Our journey toward developing particulate bone powder reinforced PLA composites began with a shared curiosity about sustainability and practicality in materials engineering. Across our institutions and research environments, we often encountered the same challenge: while biodegradable polymers such as Poly Lactic Acid (PLA) are widely promoted as sustainable alternatives to conventional plastics, their mechanical limitations restrict broader engineering applications. PLA is brittle, relatively weak under load, and often unsuitable for structural components without modification. This recurring limitation motivated us to explore how PLA could be strengthened without compromising its environmental advantages.
At the same time, several members of our team were independently working on waste-derived materials and low-cost manufacturing methods. Animal bone waste, generated in large volumes by food-processing industries, repeatedly emerged in our discussions. Bone is naturally stiff, mineral-rich, and mechanically robust, yet it is frequently treated as a disposal problem rather than a resource. Bringing these ideas together, we began asking a simple but compelling question: could animal bone waste be converted into a functional reinforcement for PLA using an industry-friendly process?

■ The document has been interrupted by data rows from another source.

Lemma cocycle_schurE B : schur A B = D *m B *m D ^t*.
Proof.
apply/matrixP => i j; rewrite tr_diag_mx map_diag_mx mul_mx_diag mul_diag_mx !mxE.
by rewrite /= -(A_cocycle.2 j 0) -(A_cocycle.1 i 0 j); ring.
Qed.

Lemma cocycle_schur_mul_adj :
  (forall B1 B2, schur A (B1 *m B2) = schur A B1 *m schur A B2) /\
  (forall B, schur A (adjmx B) = adjmx (schur A B)).
Proof.
split=> [B1 B2|B]; rewrite !cocycle_schurE.
  by rewrite !mulmxA (mulmxKtV _ cocycle_diag_unitary).
by rewrite /adjmx !trmxC_mul trmxCK mulmxA.
Qed.

Lemma cocycle_schur_cp : completely_positive (schur A).
Proof.
move=> k X X_psd; have -> : ampl (schur A) X =
    \mxdiag_(i < k) D *m blockmx X *m (\mxdiag_(i < k) D) ^t*.
  rewrite trmxC_mxdiag /ampl /blockmx mul_mxdiag_mxblock mul_mxblock_mxdiag.
  by apply: eq_mxblock => i j; rewrite cocycle_schurE.
exact/psdmx_unitary_conj/X_psd/mxdiag_unitary/cocycle_diag_unitary.
Qed.

Lemma cocycle_schur_algebra_iso : algebra_iso (schur A).
Proof.
split.
- by move=> a B1 B2; apply/matrixP => i j; rewrite !mxE; ring.
- exact: cocycle_schur_mul_adj.1.
- exact/schur_unital_diag.
- exists (schur (entry_inv A)) => B; apply/matrixP => i j; rewrite !mxE mulrA.
    by rewrite mulVf ?mul1r ?cocycle_neq0.
  by rewrite mulfV ?mul1r ?cocycle_neq0.
Qed.

Lemma cocycle_schur_norm_eq1 : schur_norm_eq1 A.
Proof.
split=> [B B_le1|k /andP [k_ge0 k_lt1]].
  rewrite cocycle_schurE; apply: opnorm_le1_diag_conj => // i.
  by rewrite mxE cocycle_norm1.
exists 1%:M; split=> [x|]; first by rewrite mul1mx expr1n mul1r.
move/(_ (delta_mx 0 0)); rewrite (schur_unital_diag _).2 // mul1mx.
rewrite -[delta_mx _ _]scale1r vnorm2_delta normr1 expr1n mulr1.
have k2_lt1 : k ^+ 2 < 1 by rewrite exprn_ilt1.
by move=> /(lt_le_trans k2_lt1); rewrite ltxx.
Qed.

Lemma cocycle_schur_cp_iso : completely_positive (schur A) /\ algebra_iso (schur A).
Proof. by split; [exact: cocycle_schur_cp | exact: cocycle_schur_algebra_iso]. Qed.

Lemma cocycle_rank1_normal : [/\ \rank A = 1%N, A \is normalmx & forall i, A i i = 1].
Proof.
by split; [exact: cocycle_rank1 | apply/normalmxP; rewrite cocycle_hermitian | exact: A_diag1].
Qed.

Lemma cocycle_rank1_norm1 :
  [/\ \rank A = 1%N, forall i j, `|A i j| = 1 & forall i, A i i = 1].
Proof. by split; [exact: cocycle_rank1 | exact: cocycle_norm1 | exact: A_diag1]. Qed.

Lemma cocycle_hermitian_spectrum :
  [/\ adjmx A = A, char_poly A = 'X ^+ n * ('X - (n.+1%:R)%:P) & schur_norm_eq1 A].
Proof.
by split; [exact: cocycle_hermitian | exact: cocycle_char_poly | exact: cocycle_schur_norm_eq1].
Qed.

Lemma cocycle_psdmx_entry_inv :
  [/\ forall i j, A i j != 0, psdmx A /\ (forall i, A i i = 1)
     & psdmx (entry_inv A) /\ (forall i, entry_inv A i i = 1)].
Proof.
split; [exact: cocycle_neq0 | exact: (conj (cocycle_psdmx A_diag1 A_cocycle) A_diag1) |].
rewrite (entry_inv_cocycle A_diag1 A_cocycle); split=> [|i]; last by rewrite mxE.
by apply: cocycle_psdmx (trmx_cocycle A_cocycle) => i; rewrite mxE.
Qed.

End CocycleSchurMap.

Lemma schur_contraction_entry_le1 {C : numClosedFieldType} {m} {A : 'M[C]_m} :
  (forall B, opnorm_le B 1 -> opnorm_le (schur A B) 1) -> forall i j, `|A i j| <= 1.
Proof.
move=> S_contr i j; have := S_contr _ (opnorm_le_delta i j) (delta_mx j 0).
rewrite schur_delta -scalemxAl mulmx_delta_col mxE eqxx /= scalerA mulr1.
by rewrite -[delta_mx j 0]scale1r !vnorm2_delta normr1 !expr1n mul1r expr_le1.
Qed.

Section UnitDiagonal.
Context {C : numClosedFieldType} {n : nat} {A : 'M[C]_n.+1}.
Hypothesis A_diag1 : forall i, A i i = 1.
(* Let $T,B,X$ be the unique formal power series in $t$ with $T=1+tT^3$, $B=tT^2$, $X=B(1+X+X^2)$, and let $T(u)$ be the unique formal power series in $t$ (coefficients polynomial in $u$) with $T(u)=1+tuT(u)^2T$. For $j\ge -2$ set $$H_j(u)=(1-X^{j+1})\,X\,T(u)-(1+X)(1-X^{j+2}).$$ Then for every integer $j\ge -1$, $$T_j(u)=T(u)\,\frac{H_j(u)}{H_{j-1}(u)}\cdot\frac{1-X^{j+2}}{1-X^{j+3}}.$$
   Context: A ternary tree is either empty or consists of a root together with three ternary trees (left, middle and right subtrees). Given an integer $j$, embed a ternary tree by giving the root abscissa $j$ and, for a node of abscissa $i$, giving its left child abscissa $i+1$, its middle child abscissa $i$ and its right child abscissa $i-1$. A $j$-positive tree is a ternary tree all of whose nodes have abscissa $\ge 0$ in this embedding (for $j=-1$ only the empty tree). The core of a nonempty ternary tree is the largest subtree containing the root in which every node is reached from the root using only left and middle edges (the core of the empty tree is empty). $T_j(u)=\sum_{\tau} t^{|\tau|}u^{c(\tau)}$, summed over all $j$-positive trees $\tau$, where $|\tau|$ is the number of nodes and $c(\tau)$ the number of core nodes. *)

From HB Require Import structures.
From mathcomp Require Import all_boot all_order all_algebra.
Set Implicit Arguments. Unset Strict Implicit. Unset Printing Implicit Defensive.
Import Order.TTheory GRing.Theory Num.Theory.
Local Open Scope ring_scope.

(** Formal power series in t whose coefficients are polynomials in u
    (with integer coefficients): a series is its coefficient sequence. *)
Definition ps := nat -> {poly int}.

Definition ps_const (c : {poly int}) : ps := fun n => if n == 0%N then c else 0.
Definition ps_one : ps := ps_const 1.
Definition ps_t : ps := fun n => if n == 1%N then 1 else 0.
Definition ps_u : ps := ps_const 'X.
Definition ps_add (f g : ps) : ps := fun n => f n + g n.
Definition ps_opp (f : ps) : ps := fun n => - f n.
Definition ps_sub (f g : ps) : ps := ps_add f (ps_opp g).
Definition ps_mul (f g : ps) : ps :=
  fun n => \sum_(i < n.+1) f i * g (n - i)%N.
Definition ps_exp (f : ps) (k : nat) : ps := iter k (ps_mul f) ps_one.
(* Assume $p_0\in(0,1)$, $p_j\in(0,1)$ and $\tau_j=\frac{p_0}{p_0+2(1-p_0)p_j}$ for $j=1,\dots,k$. Then for every $\Theta\in\mathbb R^{nd}$, $$\mathbb E_\xi\|G(\Theta)-G(\hat\Theta)\|^2\le 2\mathcal L\,\big(F(\Theta)-F(\hat\Theta)\big),$$ where both oracles use the same realization of $\xi$.
   Context: Clients $1,\dots,n$ are partitioned into nonempty disjoint clusters $\mathcal I_1,\dots,\mathcal I_k$; $d\ge1$. Each $f_i:\mathbb R^d\to\mathbb R$ is differentiable, $\mu$-strongly convex and $L$-smooth ($0<\mu\le L$). Fix $\gamma_i>0$ and $\alpha_j\in[0,1]$, not all $\alpha_j=0$. For $\Theta=(\theta_1,\dots,\theta_n)$ define $\bar\theta_j=\frac{\sum_{i\in\mathcal I_j}\gamma_i\theta_i}{\sum_{i\in\mathcal I_j}\gamma_i}$, $\bar\theta=\frac{\sum_{j}\sum_{i\in\mathcal I_j}\alpha_j\gamma_i\theta_i}{\sum_{j}\sum_{i\in\mathcal I_j}\alpha_j\gamma_i}$ and $F(\Theta)=\sum_{j}\sum_{i\in\mathcal I_j}\big(f_i(\theta_i)+\frac{(1-\alpha_j)\gamma_i}{2}\|\theta_i-\bar\theta_j\|^2+\frac{\alpha_j\gamma_i}{2}\|\theta_i-\bar\theta\|^2\big)$; $\hat\Theta$ is its unique minimizer. Gradient oracle: $\xi=(\xi_0,\dots,\xi_k)$ independent Bernoulli with $\mathbb P(\xi_j=1)=p_j$; $G(\Theta)=(G_1,\dots,G_n)$ with, for $i\in\mathcal I_j$: $G_i=\frac{\gamma_i\alpha_j}{p_0}(\theta_i-\bar\theta)+\frac{\gamma_i\tau_j(1-\alpha_j)}{p_0}(\theta_i-\bar\theta_j)$ if $\xi_0=1$; $G_i=\frac{\gamma_i(1-\tau_j)(1-\alpha_j)}{(1-p_0)p_j}(\theta_i-\bar\theta_j)$ if $\xi_0=0,\xi_j=1$; $G_i=\frac{1}{(1-p_0)(1-p_j)}\nabla f_i(\theta_i)$ if $\xi_0=\xi_j=0$. Define $$\mathcal L=\max\Big\{\frac{2}{p_0}\max_{j}\max_{i\in\mathcal I_j}\alpha_j\gamma_i,\ \max_{j}\frac{2(1-\alpha_j)\max_{i\in\mathcal I_j}\gamma_i}{p_0+2(1-p_0)p_j},\ \frac{L}{1-p_0}\max_{j}\frac{1}{1-p_j}\Big\}.$$ *)

From HB Require Import structures.
From mathcomp Require Import all_boot all_order all_algebra.
From mathcomp Require Import all_classical all_reals all_analysis.
Set Implicit Arguments. Unset Strict Implicit. Unset Printing Implicit Defensive.
Import Order.TTheory GRing.Theory Num.Theory.
Import numFieldNormedType.Exports.
Local Open Scope ring_scope.

Section Defs.
Variables (R : realType) (d : nat).

Definition sqnorm (v : 'rV[R]_d) : R := \sum_(j < d) (v 0 j) ^+ 2.
Definition enorm (v : 'rV[R]_d) : R := Num.sqrt (sqnorm v).

Definition grad (f : 'rV[R]_d -> R) (x : 'rV[R]_d) : 'rV[R]_d :=
  \row_(j < d) ('d f x (delta_mx 0 j : 'rV[R]_d)).

Definition strongly_convex (mu : R) (f : 'rV[R]_d -> R) : Prop :=
  forall (x y : 'rV[R]_d) (t : R), 0 <= t <= 1 ->
    f (t *: x + (1 - t) *: y) <=
      t * f x + (1 - t) * f y - mu / 2 * t * (1 - t) * sqnorm (x - y).

Definition smooth (L : R) (f : 'rV[R]_d -> R) : Prop :=
  (forall x, differentiable f x) /\
  (forall x y, enorm (grad f x - grad f y) <= L * enorm (x - y)).

Variables (n k : nat) (c : 'I_n -> 'I_k) (gamma : 'I_n -> R) (alpha : 'I_k -> R).

Definition cluster_mean (Th : 'I_n -> 'rV[R]_d) (j : 'I_k) : 'rV[R]_d :=
  (\sum_(i < n | c i == j) gamma i)^-1 *: \sum_(i < n | c i == j) gamma i *: Th i.

Definition global_mean (Th : 'I_n -> 'rV[R]_d) : 'rV[R]_d :=
  (\sum_(i < n) alpha (c i) * gamma i)^-1 *:
    \sum_(i < n) (alpha (c i) * gamma i) *: Th i.

Definition objF (f : 'I_n -> 'rV[R]_d -> R) (Th : 'I_n -> 'rV[R]_d) : R :=
  \sum_(i < n) (f i (Th i)
     + (1 - alpha (c i)) * gamma i / 2 * sqnorm (Th i - cluster_mean Th (c i))
     + alpha (c i) * gamma i / 2 * sqnorm (Th i - global_mean Th)).

Variables (p0 : R) (p tau : 'I_k -> R).

Definition oracle (f : 'I_n -> 'rV[R]_d -> R) (xi0 : bool) (xis : {ffun 'I_k -> bool})
    (Th : 'I_n -> 'rV[R]_d) (i : 'I_n) : 'rV[R]_d :=
  let j := c i in
  if xi0 then
    (gamma i * alpha j / p0) *: (Th i - global_mean Th)
    + (gamma i * tau j * (1 - alpha j) / p0) *: (Th i - cluster_mean Th j)
  else if xis j then
    (gamma i * (1 - tau j) * (1 - alpha j) / ((1 - p0) * p j)) *: (Th i - cluster_mean Th j)
  else
    ((1 - p0) * (1 - p j))^-1 *: grad (f i) (Th i).

Definition xi_prob (xi0 : bool) (xis : {ffun 'I_k -> bool}) : R :=
  (if xi0 then p0 else 1 - p0) * \prod_(j < k) (if xis j then p j else 1 - p j).

Definition expected_sqdiff (f : 'I_n -> 'rV[R]_d -> R) (Th Th' : 'I_n -> 'rV[R]_d) : R :=
  \sum_(xi0 : bool) \sum_(xis : {ffun 'I_k -> bool})
    xi_prob xi0 xis *
      \sum_(i < n) sqnorm (oracle f xi0 xis Th i - oracle f xi0 xis Th' i).

Definition calL (L : R) : R :=
  Num.max (Num.max
    (2 / p0 * \big[Num.max/0]_(i < n) (alpha (c i) * gamma i))
    (\big[Num.max/0]_(j < k)
        (2 * (1 - alpha j) * \big[Num.max/0]_(i < n | c i == j) gamma i
          / (p0 + 2 * (1 - p0) * p j))))
    (L / (1 - p0) * \big[Num.max/0]_(j < k) (1 - p j)^-1).

End Defs.

(* Conditioning first on xi_0 and then on xi_(c i), the expected squared difference of the
   two oracles splits into one term per client, built from |w_i|^2, |u_i|^2 and
   |grad f_i(theta_i) - grad f_i(hat theta_i)|^2, where u_i and w_i are the changes of
   theta_i - bar theta_(c i) and theta_i - bar theta between hat Theta and Theta.  For the
   given tau_j each term is at most 2 calL times the client gap
   |grad f_i(theta_i) - grad f_i(hat theta_i)|^2 / (2L) + (1 - alpha) gamma_i / 2 |u_i|^2
   + alpha gamma_i / 2 |w_i|^2.
   Since the means are linear in Theta, the penalty part of F is an exact quadratic, so
   cocoercivity of the smooth convex f_i gives F(Theta) - F(hat Theta) >= sum of the client
   gaps + the slope of F at hat Theta towards Theta, and that slope is nonnegative because
   hat Theta minimises F. *)

From HB Require Import structures.
From mathcomp Require Import all_boot all_order all_algebra.
From mathcomp Require Import all_classical all_reals all_analysis.
Import Order.TTheory GRing.Theory Num.Theory.
Import numFieldNormedType.Exports.
From mathcomp Require Import ring lra.
Local Open Scope ring_scope.

Section EuclideanRow.
Context {R : realType} {d : nat}.
Implicit Types (a b g v : 'rV[R]_d).

Definition dot a b : R := \sum_(j < d) a 0 j * b 0 j.

Lemma dotC a b : dot a b = dot b a.
Proof. by apply: eq_bigr => j _; rewrite mulrC. Qed.

Lemma dotDl a b g : dot (a + b) g = dot a g + dot b g.
Proof. by rewrite /dot -big_split; apply: eq_bigr => j _; rewrite !mxE mulrDl. Qed.

Lemma dotZl (s : R) a b : dot (s *: a) b = s * dot a b.
Proof. by rewrite /dot mulr_sumr; apply: eq_bigr => j _; rewrite !mxE mulrA. Qed.

Lemma dotNl a b : dot (- a) b = - dot a b.
Proof. by rewrite -scaleN1r dotZl mulN1r. Qed.

Lemma dotBl a b g : dot (a - b) g = dot a g - dot b g.
Proof. by rewrite dotDl dotNl. Qed.

Lemma dotZr (s : R) a b : dot a (s *: b) = s * dot a b.
Proof. by rewrite dotC dotZl dotC. Qed.

Lemma dotBr a b g : dot a (b - g) = dot a b - dot a g.
Proof. by rewrite dotC dotBl !(dotC a). Qed.

Lemma sqnorm_dot a : sqnorm a = dot a a.
Proof. by apply: eq_bigr => j _; rewrite expr2. Qed.

Lemma sqnorm_ge0 a : 0 <= sqnorm a.
Proof. by apply: sumr_ge0 => j _; exact: sqr_ge0. Qed.

Lemma sqnormZ (s : R) a : sqnorm (s *: a) = s ^+ 2 * sqnorm a.
Proof. by rewrite !sqnorm_dot dotZl dotZr mulrA expr2. Qed.

Lemma sqnormD a b : sqnorm (a + b) = sqnorm a + 2 * dot a b + sqnorm b.
Proof.
rewrite /sqnorm /dot mulr_sumr -!big_split /=.
by apply: eq_bigr => j _; rewrite !mxE; ring.
Qed.

Lemma sqnormB a b : sqnorm (a - b) = sqnorm a - 2 * dot a b + sqnorm b.
Proof. rewrite sqnormD dotC -scaleN1r sqnormZ dotZl dotC; ring. Qed.

Lemma sqnormD_le a b : sqnorm (a + b) <= 2 * sqnorm a + 2 * sqnorm b.
Proof. have := sqnorm_ge0 (a - b); rewrite sqnormB sqnormD; lra. Qed.

(* From [0 <= |g - K v|^2]: [2 K <g, v> <= |g|^2 + K^2 |v|^2 <= 2 K^2 |v|^2]. *)
Lemma dot_le_of_sqnorm g v (K : R) : 0 < K ->
  sqnorm g <= K ^+ 2 * sqnorm v -> dot g v <= K * sqnorm v.
Proof.
move=> K0 hg; rewrite -(ler_pM2l K0) mulrA -expr2.
have := sqnorm_ge0 (g - K *: v); rewrite sqnormB sqnormZ dotZr; lra.
Qed.

Lemma sqnorm_le_of_enorm {a b} {K : R} : 0 <= K ->
  enorm a <= K * enorm b -> sqnorm a <= K ^+ 2 * sqnorm b.
Proof.
move=> K0 hab; rewrite -[sqnorm a]sqr_sqrtr ?sqnorm_ge0 // -[sqnorm b]sqr_sqrtr ?sqnorm_ge0 //.
by rewrite -exprMn ler_sqr ?nnegrE ?mulr_ge0 ?sqrtr_ge0.
Qed.

End EuclideanRow.

Section SmoothConvex.
Context {R : realType} {d : nat}.
Implicit Types (f : 'rV[R]_d -> R) (x y v : 'rV[R]_d).

Lemma diff_grad f x v : 'd f x v = dot (grad f x) v.
Proof.
rewrite {1}(row_sum_delta v) linear_sum; apply: eq_bigr => j _.
by rewrite linearZ /= mxE mulrC.
Qed.

Lemma is_derive_line f x v t : differentiable f (t *: v + x) ->
  is_derive t 1 (fun s => f (s *: v + x)) ('d f (t *: v + x) v).
Proof.
move=> df.
have quotE : (fun h : R => h^-1 *: (((fun s => f (s *: v + x)) \o shift t) (h *: 1)
           - f (t *: v + x))) =
         (fun h => h^-1 *: ((f \o shift (t *: v + x)) (h *: v) - f (t *: v + x))).
  by apply/funext => h /=; rewrite /shift /= [h *: 1]mulr1 scalerDl addrA.
split; first by rewrite /derivable quotE; exact: diff_derivable.
transitivity ('D_v f (t *: v + x)); first by rewrite /derive quotE.
exact: deriveE.
Qed.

From the outset, we were committed to keeping the approach practical. Rather than focusing on complex surface treatments or expensive processing routes, we selected compression molding as the manufacturing technique. Compression molding is widely used in industry, particularly in low- to medium-volume production, and is valued for its simplicity, low energy consumption, and cost effectiveness. Several of us had prior experience working with this process in academic laboratories and industrial settings, which helped guide early experimental decisions.
One of the first challenges we encountered was preparing bone powder with consistent particle size and cleanliness. Processing natural waste materials often introduces variability, and ensuring reproducibility required careful preparation and repeated trials. In the lab, this stage involved a great deal of hands-on work, from cleaning and grinding the bone material to sieving and drying it before mixing with PLA. These steps, while time-consuming, were critical in achieving reliable results later in the study.
Once the materials were prepared, we moved on to optimizing the molding process. Here, collaboration within the team played a central role. Some authors focused on experimental design and statistical planning, while others concentrated on sample fabrication and mechanical testing. To systematically understand how processing conditions influence material properties, we adopted a Design of Experiments (DOE) framework. Bone powder content was varied from 5% to 20% by weight, and key compression molding parameters such as die temperature, applied pressure, and dwell time were carefully controlled.
Mechanical testing was a particularly rewarding phase of the work. Tensile, flexural, and hardness tests allowed us to quantify how the composites performed relative to neat PLA. When the first set of results showed noticeable improvements in strength and stiffness, it was a clear validation of our initial hypothesis. Tensile strength improved by up to 19.26%, hardness increased by 24.39%, and flexural strength showed an enhancement of about 15%. These gains were encouraging, especially considering the simplicity of the materials and process used.
At the same time, the data reminded us that materials engineering is always about balance. As bone powder content increased, the composites became stiffer and stronger but less ductile. Discussing these trade-offs within the team helped us better frame the results and think critically about potential applications. Rather than viewing reduced ductility as a drawback, we recognized it as an expected outcome that could be managed through material design depending on end-use requirements.
To strengthen the industrial relevance of the study, we applied Taguchi optimization techniques to identify the optimal combination of compression molding parameters for tensile strength. This step was driven by a shared belief that research should offer clear, actionable insights. The optimization results transformed experimental observations into practical guidelines that manufacturers could realistically adopt.
Scanning Electron Microscopy (SEM) analysis added another important layer of understanding. Examining fracture surfaces allowed us to visually assess particle dispersion and interfacial bonding. Seeing relatively uniform distribution of bone powder within the PLA matrix and evidence of good adhesion was a moment of reassurance, as it confirmed that the mechanical improvements were supported by sound microstructural behavior.
Beyond the technical outcomes, this research was meaningful to us on a broader level. It demonstrated how bio-waste materials can be reimagined as valuable engineering resources. By combining biodegradable PLA with animal bone powder, we aligned material performance with sustainability principles and circular economy concepts. For many of us, this alignment reflects the direction we hope materials research will increasingly take.
Looking ahead, this work has opened several new avenues for exploration. We are interested in investigating surface modification of bone particles, hybrid reinforcement strategies, and long-term biodegradation behavior. The collaborative experience of this project has also strengthened our interest in interdisciplinary and application-oriented research.
In sharing the story behind this paper, we hope to highlight not only the results, but also the process of learning, experimentation, and teamwork that shaped the study. We believe this work shows that meaningful improvements in sustainable materials can be achieved using low-cost resources, simple manufacturing methods, and thoughtful experimental design.